The Ph.D. Program in History

at the Graduate Center of the City University of New York

Non-GC Events

September 21 Africa~Diaspora Forum Presents: Lara Putnam, “The Travels and Terrain: F.E.M. Hercules, Pan-Africanist Networks, and the Risk of Invisible Surroundings”

NYU History Department & Center For International Reseach In The Humanities

KJCC Room 607

12:30pm

Lunch Will Be Served

The last decade has seen an outpouring of scholarship on the international history of racism and antiracism. The digitization of ever-greater swathes of the world’s printed past, too, has made new research techniques possible.  As a result, the international dimensions of struggles long studied within national frames have received new attention. We have gained vivid portraits of activists, organizations, and publications that linked far-flung sites.  Which aspects of the history of struggles against racism do we understand better now that we are routinely remembering to look beyond borders?
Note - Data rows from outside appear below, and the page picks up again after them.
(* With D = X E, each ratio t z is an eigenvalue of X. *)
Lemma spans_all_ratio_roots (R : realType) n (D E : 'M[R]_n) (S : set 'cV[R]_n)
    (t : 'cV[R]_n -> R) :
  D^T = D -> E^T = E -> spans_all S ->
  (forall z, S z -> E *m z != 0 /\ D *m z = t z *: (E *m z)) ->
  exists2 P : {poly R}, P != 0 & forall z, S z -> root P (t z).
Proof.
move=> sD sE S_span DS.
have [X DXE] := spans_all_factor sD sE S_span (fun z Sz => (DS z Sz).2).
exists (char_poly X^T); first exact/monic_neq0/char_poly_monic.
move=> z Sz; have [Ez_neq0 Dz] := DS z Sz.
by apply: eigen_root_char Ez_neq0; rewrite mulmxA -DXE.
Qed.

Lemma connected_ratio_ker (R : realType) n (D E : 'M[R]_n) (K : set 'cV[R]_n)
    (t : 'cV[R]_n -> R) (P : {poly R}) x :
  connected K -> K x -> D *m x = 0 -> P != 0 ->
  (forall z, K z -> [/\ E *m z != 0, D *m z = t z *: (E *m z) & root P (t z)]) ->
  forall z, K z -> D *m z = 0.
Proof.
move=> K_conn Kx Dx P_neq0 DK.
pose rs := [seq s <- rootsR P | s != 0].
pose F := \bigcup_(s in [set` rs]) [set y : 'cV[R]_n | (D - s *: E) *m y = 0].
pose G := [set y : 'cV[R]_n | D *m y = 0].
have F_closed : closed F.
  by rewrite /F bigcup_seq; apply: closed_bigsetU => s _; exact: closed_kermx.
(* On K, the closed sets F and G are disjoint and cover K. *)
have KG : K `&` G = K.
  apply: K_conn; first by exists x.
    exists (~` F); first by rewrite openC.
    apply/seteqP; split => y [Ky yGF]; split => //.
      move=> [s /=]; rewrite mem_filter => /andP[s_neq0 _].
      rewrite mulmxBl -scalemxAl yGF sub0r => /eqP; rewrite oppr_eq0 scaler_eq0.
      by rewrite (negbTE s_neq0); have [/negbTE -> _ _] := DK y Ky.
    have [_ Dy rooty] := DK y Ky; rewrite /G /= Dy.
    have [-> //|ty_neq0] := eqVneq (t y) 0; first by rewrite scale0r.
    exfalso; apply: yGF; exists (t y).
      by rewrite /= mem_filter ty_neq0 -(roots_on_rootsR P_neq0) in_itv.
    by rewrite /= mulmxBl -scalemxAl Dy subrr.
  by exists G; first exact: closed_kermx.
by move=> z Kz; have [] : (K `&` G) z by rewrite KG.
Qed.

Lemma collinear_multiple (R : fieldType) (d1 d2 e1 e2 : R) :
  (e1 != 0) || (e2 != 0) -> d1 * e2 = d2 * e1 ->
  exists t, d1 = t * e1 /\ d2 = t * e2.
Proof.
case/orP => [e1_neq0|e2_neq0] de.
  by exists (d1 / e1); split; rewrite ?divfK // mulrAC de mulfK.
by exists (d2 / e2); split; rewrite ?divfK // mulrAC -de mulfK.
Qed.

Lemma mxrank_subr_le (R : fieldType) m n (M N : 'M[R]_(m, n)) :
  (\rank (M - N)%R <= \rank M + \rank N)%N.
Proof. by rewrite -(mxrank_opp N) mxrank_add. Qed.

Lemma maxrank_pencil_basis (R : realType) n (A B : 'M[R]_n) (u1 u2 w1 w2 : R) r1 r2 :
  u1 * w2 - u2 * w1 != 0 ->
  (\rank (u1 *: A + u2 *: B)%R <= r1)%N -> (\rank (w1 *: A + w2 *: B)%R <= r2)%N ->
  ~ maxrank_ge A B (r1 + r2).+1.
Proof.
move=> det_neq0 rkU rkW [c1 [c2 rk]].
set U := (u1 *: A + u2 *: B)%R in rkU; set W := (w1 *: A + w2 *: B)%R in rkW.
have U_sub := addsmxSl U W; have W_sub := addsmxSr U W.
have A_sub : (A <= U + W)%MS.
  have -> : A = (u1 * w2 - u2 * w1)^-1 *: (w2 *: U + (- u2) *: W).
    by apply/matrixP => i j; rewrite !mxE; field.
  by rewrite scalemx_sub // addmx_sub // scalemx_sub.
have B_sub : (B <= U + W)%MS.
  have -> : B = (u1 * w2 - u2 * w1)^-1 *: ((- w1) *: U + u1 *: W).
    by apply/matrixP => i j; rewrite !mxE; field.
  by rewrite scalemx_sub // addmx_sub // scalemx_sub.
have AB_sub : (c1 *: A + c2 *: B <= U + W)%MS by rewrite addsmx_sub !scalemx_sub.
have := leq_trans (mxrankS AB_sub) (mxrank_adds_leqif U W).1.
by move/leq_trans/(_ (leq_add rkU rkW))/(leq_trans rk); rewrite ltnn.
Qed.

Section Component.
Variables (R : realType) (n : nat) (A B C : 'M[R]_n).
Hypotheses (symA : A^T = A) (symB : B^T = B) (symC : C^T = C).
Hypothesis maxrk : maxrank_ge A B 17.
Variable K : set 'cV[R]_n.
Hypotheses (K_conn : connected K) (K_span : spans_all K).
Hypothesis K_indep : forall z, K z -> lin_indep2 (A *m z) (B *m z).
Variables (a b : 'cV[R]_n -> R) (x : 'cV[R]_n).
Hypothesis Kx : K x.
Hypothesis K_pencil : forall z, K z ->
  C *m z = a z *: (A *m z) + b z *: (B *m z) /\
  (\rank (C - a z *: A - b z *: B)%R <= 4)%N.

Let D := C - a x *: A - b x *: B.

Lemma component_deviation z : K z ->
  D *m z = (a z - a x) *: (A *m z) + (b z - b x) *: (B *m z).
Proof.
move=> Kz; rewrite /D !mulmxBl -!scalemxAl (K_pencil Kz).1.
by apply/matrixP => i j; rewrite !mxE; ring.
Qed.

Lemma component_coeffs_collinear z1 z : K z1 -> K z ->
  (a z - a x) * (b z1 - b x) = (b z - b x) * (a z1 - a x).
Proof.
move=> Kz1 Kz; apply/eqP; rewrite -subr_eq0; apply/negPn/negP => det_neq0.
have rk_dev y : K y -> (\rank ((a y - a x) *: A + (b y - b x) *: B)%R <= 4 + 4)%N.
  move=> Ky; have -> : ((a y - a x) *: A + (b y - b x) *: B)%R =
      (C - a x *: A - b x *: B) - (C - a y *: A - b y *: B).
    by apply/matrixP => i j; rewrite !mxE; ring.
  by rewrite (leq_trans (mxrank_subr_le _ _)) ?leq_add
    ?(K_pencil Kx).2 ?(K_pencil Ky).2.
exact: maxrank_pencil_basis det_neq0 (rk_dev _ Kz) (rk_dev _ Kz1) maxrk.
Qed.

Lemma component_ker : forall z, K z -> D *m z = 0.
Proof.
have Dx : D *m x = 0 by rewrite component_deviation // !subrr !scale0r addr0.
have [same|/existsNP[z1 /not_implyP[Kz1 moved]]] :=
  pselect (forall z, K z -> (a z, b z) = (a x, b x)).
  move=> z Kz; rewrite component_deviation //.
  by case: (same z Kz) => -> ->; rewrite !subrr !scale0r addr0.
set e1 := a z1 - a x; set e2 := b z1 - b x.
have e_neq0 : (e1 != 0) || (e2 != 0).
  apply: contra_notT moved; rewrite negb_or !negbK !subr_eq0.
  by case/andP => /eqP -> /eqP ->.
pose E := e1 *: A + e2 *: B.
have /choice[t ht] : forall z, exists t : R, K z ->
    a z - a x = t * e1 /\ b z - b x = t * e2.
  move=> z; have [Kz|] := pselect (K z); last by exists 0.
  have [t ?] := collinear_multiple e_neq0 (component_coeffs_collinear Kz1 Kz).
  by exists t.
have DE z : K z -> D *m z = t z *: (E *m z).
  move=> Kz; rewrite component_deviation //; have [-> ->] := ht z Kz.
  by rewrite mulmxDl -!scalemxAl scalerDr !scalerA.
have Ez_neq0 z : K z -> E *m z != 0.
  move=> Kz; apply: contraTneq e_neq0 => Ez0.
  have [-> ->] : e1 = 0 /\ e2 = 0.
    by apply: (K_indep Kz); rewrite -Ez0 /E mulmxDl -!scalemxAl.
  by rewrite eqxx.
have symD : D^T = D by rewrite /D !linearB !linearZ /= symA symB symC.
have symE : E^T = E by rewrite /E !linearD !linearZ /= symA symB.
have [P P_neq0 Proots] := spans_all_ratio_roots symD symE K_span
  (fun z Kz => conj (Ez_neq0 z Kz) (DE z Kz)).
apply: (connected_ratio_ker K_conn Kx Dx P_neq0) => z Kz.
by split; [exact: Ez_neq0 | exact: DE | exact: Proots].
Qed.

Lemma component_pencil : C = a x *: A + b x *: B.
Proof.
apply/eqP; rewrite -subr_eq0 opprD addrA; apply/eqP.
exact: spans_all_mulmx_eq0 K_span component_ker.
Qed.
End Component.

Lemma connected_pencil (R : realType) n (A B C : 'M[R]_n) (K : set 'cV[R]_n) x :
  A^T = A -> B^T = B -> C^T = C -> maxrank_ge A B 17 ->
  connected K -> spans_all K -> K x ->
  (forall z, K z -> lin_indep2 (A *m z) (B *m z)) ->
  (forall z, K z -> exists a b : R, C *m z = a *: (A *m z) + b *: (B *m z) /\
     (\rank (C - a *: A - b *: B)%R <= 4)%N) ->
  exists a b : R, C = a *: A + b *: B.
Proof.
move=> symA symB symC maxrk K_conn K_span Kx K_indep K_pencil.
have /choice[ab ab_pencil] : forall z, exists ab : R * R, K z ->
    C *m z = ab.1 *: (A *m z) + ab.2 *: (B *m z) /\
    (\rank (C - ab.1 *: A - ab.2 *: B)%R <= 4)%N.
  move=> z; have [/K_pencil[a [b ?]]|] := pselect (K z); first by exists (a, b).
  by exists (0, 0).
exists (ab x).1, (ab x).2.
exact: (component_pencil symA symB symC maxrk K_conn K_span K_indep Kx ab_pencil).
Qed.
Lemma relu_bounded_close {B e a b : R} :
  bounded_close B e a b -> bounded_close B e (relu a) (relu b).
Proof.
move=> [ha [hb hab]]; split; last split.
- exact: le_trans (relu_norm_le a) ha.
- exact: le_trans (relu_norm_le b) hb.
- exact: le_trans (relu_lipschitz a b) hab.
Qed.

Lemma norm_sum_ord_le n (F : 'I_n -> R) c :
  (forall j, `|F j| <= c) -> `|\sum_j F j| <= n%:R * c.
Proof.
move=> Fc; apply: le_trans (ler_norm_sum _ _ _) _.
apply: le_trans (ler_sum _ (fun j _ => Fc j)) _.
by rewrite sumr_const card_ord mulr_natl.
Qed.

Variables (p n : nat) (r eta B e : R).
Hypotheses (r_ge0 : 0 <= r) (n_le_r : n%:R <= r).
Hypotheses (eta_ge0 : 0 <= eta) (B_ge0 : 0 <= B) (e_ge0 : 0 <= e).

Lemma affine_norm_le (A : 'M[R]_(p, n)) (b : 'cV[R]_p) (y : 'cV[R]_n) :
  (forall i j, `|A i j| <= r) -> (forall i, `|b i 0| <= r) ->
  (forall j, `|y j 0| <= B) -> forall i, `|(A *m y + b) i 0| <= r * r * B + r.
Proof.
move=> hA hb hy i; rewrite !mxE.
apply: le_trans (ler_normD _ _) _; apply: lerD; last exact: hb.
have sum_le : `|\sum_j A i j * y j 0| <= n%:R * (r * B).
  by apply: norm_sum_ord_le => j; rewrite normrM; apply: ler_pM.
apply: le_trans sum_le _; rewrite -mulrA; apply: ler_wpM2r => //.
exact: mulr_ge0.
Qed.

Lemma affine_bounded_close (A Aq : 'M[R]_(p, n)) (b bq : 'cV[R]_p) (y z : 'cV[R]_n) :
  (forall i j, bounded_close r eta (A i j) (Aq i j)) ->
  (forall i, bounded_close r eta (b i 0) (bq i 0)) ->
  (forall j, bounded_close B e (y j 0) (z j 0)) ->
  forall i, bounded_close (r * r * B + r) (r * (eta * B + r * e) + eta)
                          ((A *m y + b) i 0) ((Aq *m z + bq) i 0).
Proof.
move=> hA hb hy i.
split; first by apply: affine_norm_le => [j k|j|j]; [case: (hA j k)|case: (hb j)|case: (hy j)].
split; first by apply: affine_norm_le => [j k|j|j];
  [case: (hA j k) => _ []|case: (hb j) => _ []|case: (hy j) => _ []].
rewrite !mxE.
have -> : \sum_j A i j * y j 0 + b i 0 - (\sum_j Aq i j * z j 0 + bq i 0)
    = \sum_j ((A i j - Aq i j) * y j 0 + Aq i j * (y j 0 - z j 0)) + (b i 0 - bq i 0).
  rewrite opprD addrACA -sumrB; congr (_ + _); apply: eq_bigr => j _; ring.
apply: le_trans (ler_normD _ _) _; apply: lerD; last by case: (hb i) => _ [].
have sum_le : `|\sum_j ((A i j - Aq i j) * y j 0 + Aq i j * (y j 0 - z j 0))|
    <= n%:R * (eta * B + r * e).
  apply: norm_sum_ord_le => j; apply: le_trans (ler_normD _ _) _; rewrite !normrM.
  case: (hA i j) => _ [hAq hAd]; case: (hy j) => hyj [_ hyz].
  by apply: lerD; apply: ler_pM.
apply: le_trans sum_le _; apply: ler_wpM2r => //.
by apply: addr_ge0; apply: mulr_ge0.
Qed.

End Layer.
What are we failing to see?  This talk traces the life of activist, journalist, and preacher FEM Hercules (1888-1943), showing how it connected Venezuela, Trinidad, England, South Africa, and the United States.  Prof. Putnam will then trace the “backstories” of certain dynamics Hercules encountered, to suggest the crucial continuing importance of place-based social historical research.  If we focus too much on that which travels, and not enough on the surrounding terrain, she suggests, we risk misunderstanding the drivers of connection and change within the African diaspora.